### PROVIDED INFORMATION
(* Let $A\in\mathbb{C}^{n\times n}$, $B\in\mathbb{C}^{n\times m}$, $C\in\mathbb{C}^{p\times n}$, $D\in\mathbb{C}^{p\times m}$ and $F\in\mathbb{C}^{\nu\times\nu}$, and suppose $\mathrm{eig}(A)\cap\mathrm{eig}(F)=\emptyset$. The following statements are equivalent: (i) $\mathcal{R}_\Sigma(\lambda)$ has full column rank $n+m$ for all $\lambda\in\mathrm{eig}(F)$; (ii) for every pair $(P,Q)\in\mathbb{C}^{n\times\nu}\times\mathbb{C}^{p\times\nu}$ for which the system $$\Pi F = A\Pi + B\Psi + P,\qquad 0 = C\Pi + D\Psi + Q$$ admits a solution $(\Pi,\Psi)\in\mathbb{C}^{n\times\nu}\times\mathbb{C}^{m\times\nu}$, this solution is unique; (iii) for every pair $(\bar P,\bar Q)\in\mathbb{C}^{\nu\times n}\times\mathbb{C}^{\nu\times m}$, the system $$MA = FM + GC + \bar P,\qquad 0 = -MB + GD + \bar Q$$ admits a solution $(M,G)\in\mathbb{C}^{\nu\times n}\times\mathbb{C}^{\nu\times p}$; (iv) $\mathcal{C}_{\rm p}:\mathbb{C}^{m\times\nu}\to\mathbb{C}^{p\times\nu}$ is injective; (v) $\mathcal{C}_{\rm d}:\mathbb{C}^{\nu\times p}\to\mathbb{C}^{\nu\times m}$ is surjective. Moreover, for any $H\in\mathbb{C}^{m\times\nu}$: (a) if $(F,H)$ is observable and (i) holds, then $(F,\mathcal{C}_{\rm p}(H))$ is observable; (b) if $(F,H)$ is detectable and $\mathcal{R}_\Sigma(\lambda)$ has full column rank for all $\lambda\in\mathrm{eig}(F)\cap\mathbb{C}_{\geq 0}$, then $(F,\mathcal{C}_{\rm p}(H))$ is detectable. Furthermore, the converse of (a) holds provided $H\ker(\lambda I_\nu-F)=\mathbb{C}^m$ for all $\lambda\in\mathrm{eig}(F)$, and the converse of (b) holds provided $H\ker(\lambda I_\nu-F)=\mathbb{C}^m$ for all $\lambda\in\mathrm{eig}(F)\cap\mathbb{C}_{\geq 0}$.
   Context: Data: $A\in\mathbb{C}^{n\times n}$, $B\in\mathbb{C}^{n\times m}$, $C\in\mathbb{C}^{p\times n}$, $D\in\mathbb{C}^{p\times m}$, $F\in\mathbb{C}^{\nu\times\nu}$, with $\mathrm{eig}(A)\cap\mathrm{eig}(F)=\emptyset$. The Rosenbrock system matrix is $\mathcal{R}_\Sigma(\lambda)=\begin{bmatrix}A-\lambda I_n & B\\ C & D\end{bmatrix}\in\mathbb{C}^{(n+p)\times(n+m)}$ for $\lambda\in\mathbb{C}$. The steady-state cascade (SSC) operators are defined as follows: for $H\in\mathbb{C}^{m\times\nu}$, $\mathcal{C}_{\rm p}(H)=C\Pi+DH$, where $\Pi\in\mathbb{C}^{n\times\nu}$ is the unique solution of the Sylvester equation $\Pi F - A\Pi = BH$; for $G\in\mathbb{C}^{\nu\times p}$, $\mathcal{C}_{\rm d}(G)=-MB+GD$, where $M\in\mathbb{C}^{\nu\times n}$ is the unique solution of $MA-FM=GC$. $\mathbb{C}_{\geq 0}$ is the set of complex numbers with nonnegative real part. For a matrix $H$ and subspace $\mathcal{V}$, $H\mathcal{V}=\{Hv:v\in\mathcal{V}\}$. A pair $(F,H)$ is detectable if every eigenvalue $\lambda$ of $F$ with $\mathrm{Re}\,\lambda\ge0$ is observable, i.e., $Hf\neq 0$ for every nonzero $f$ with $Ff=\lambda f$. *)

(* The field of complex numbers is modelled by an arbitrary
   numClosedFieldType C (algebraically closed, char 0, with real part 'Re);
   the statement is purely algebraic so this is a (harmless) generalization. *)
From HB Require Import structures.
From mathcomp Require Import all_boot all_order all_algebra.
From mathcomp Require Import boolp classical_sets.
Set Implicit Arguments. Unset Strict Implicit. Unset Printing Implicit Defensive.
Import Order.TTheory GRing.Theory Num.Theory.
Local Open Scope ring_scope.
Local Open Scope classical_set_scope.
######
▸ WHAT YOU HAVE TO DO:
Each entry above is to be set down again in exactly the same words.

▸ RESPONSE TO THIS TASK:
(* Let $A\in\mathbb{C}^{n\times n}$, $B\in\mathbb{C}^{n\times m}$, $C\in\mathbb{C}^{p\times n}$, $D\in\mathbb{C}^{p\times m}$ and $F\in\mathbb{C}^{\nu\times\nu}$, and suppose $\mathrm{eig}(A)\cap\mathrm{eig}(F)=\emptyset$. The following statements are equivalent: (i) $\mathcal{R}_\Sigma(\lambda)$ has full column rank $n+m$ for all $\lambda\in\mathrm{eig}(F)$; (ii) for every pair $(P,Q)\in\mathbb{C}^{n\times\nu}\times\mathbb{C}^{p\times\nu}$ for which the system $$\Pi F = A\Pi + B\Psi + P,\qquad 0 = C\Pi + D\Psi + Q$$ admits a solution $(\Pi,\Psi)\in\mathbb{C}^{n\times\nu}\times\mathbb{C}^{m\times\nu}$, this solution is unique; (iii) for every pair $(\bar P,\bar Q)\in\mathbb{C}^{\nu\times n}\times\mathbb{C}^{\nu\times m}$, the system $$MA = FM + GC + \bar P,\qquad 0 = -MB + GD + \bar Q$$ admits a solution $(M,G)\in\mathbb{C}^{\nu\times n}\times\mathbb{C}^{\nu\times p}$; (iv) $\mathcal{C}_{\rm p}:\mathbb{C}^{m\times\nu}\to\mathbb{C}^{p\times\nu}$ is injective; (v) $\mathcal{C}_{\rm d}:\mathbb{C}^{\nu\times p}\to\mathbb{C}^{\nu\times m}$ is surjective. Moreover, for any $H\in\mathbb{C}^{m\times\nu}$: (a) if $(F,H)$ is observable and (i) holds, then $(F,\mathcal{C}_{\rm p}(H))$ is observable; (b) if $(F,H)$ is detectable and $\mathcal{R}_\Sigma(\lambda)$ has full column rank for all $\lambda\in\mathrm{eig}(F)\cap\mathbb{C}_{\geq 0}$, then $(F,\mathcal{C}_{\rm p}(H))$ is detectable. Furthermore, the converse of (a) holds provided $H\ker(\lambda I_\nu-F)=\mathbb{C}^m$ for all $\lambda\in\mathrm{eig}(F)$, and the converse of (b) holds provided $H\ker(\lambda I_\nu-F)=\mathbb{C}^m$ for all $\lambda\in\mathrm{eig}(F)\cap\mathbb{C}_{\geq 0}$.
   Context: Data: $A\in\mathbb{C}^{n\times n}$, $B\in\mathbb{C}^{n\times m}$, $C\in\mathbb{C}^{p\times n}$, $D\in\mathbb{C}^{p\times m}$, $F\in\mathbb{C}^{\nu\times\nu}$, with $\mathrm{eig}(A)\cap\mathrm{eig}(F)=\emptyset$. The Rosenbrock system matrix is $\mathcal{R}_\Sigma(\lambda)=\begin{bmatrix}A-\lambda I_n & B\\ C & D\end{bmatrix}\in\mathbb{C}^{(n+p)\times(n+m)}$ for $\lambda\in\mathbb{C}$. The steady-state cascade (SSC) operators are defined as follows: for $H\in\mathbb{C}^{m\times\nu}$, $\mathcal{C}_{\rm p}(H)=C\Pi+DH$, where $\Pi\in\mathbb{C}^{n\times\nu}$ is the unique solution of the Sylvester equation $\Pi F - A\Pi = BH$; for $G\in\mathbb{C}^{\nu\times p}$, $\mathcal{C}_{\rm d}(G)=-MB+GD$, where $M\in\mathbb{C}^{\nu\times n}$ is the unique solution of $MA-FM=GC$. $\mathbb{C}_{\geq 0}$ is the set of complex numbers with nonnegative real part. For a matrix $H$ and subspace $\mathcal{V}$, $H\mathcal{V}=\{Hv:v\in\mathcal{V}\}$. A pair $(F,H)$ is detectable if every eigenvalue $\lambda$ of $F$ with $\mathrm{Re}\,\lambda\ge0$ is observable, i.e., $Hf\neq 0$ for every nonzero $f$ with $Ff=\lambda f$. *)

(* The field of complex numbers is modelled by an arbitrary
   numClosedFieldType C (algebraically closed, char 0, with real part 'Re);
   the statement is purely algebraic so this is a (harmless) generalization. *)
From HB Require Import structures.
From mathcomp Require Import all_boot all_order all_algebra.
From mathcomp Require Import boolp classical_sets.
Set Implicit Arguments. Unset Strict Implicit. Unset Printing Implicit Defensive.
Import Order.TTheory GRing.Theory Num.Theory.
Local Open Scope ring_scope.
Local Open Scope classical_set_scope.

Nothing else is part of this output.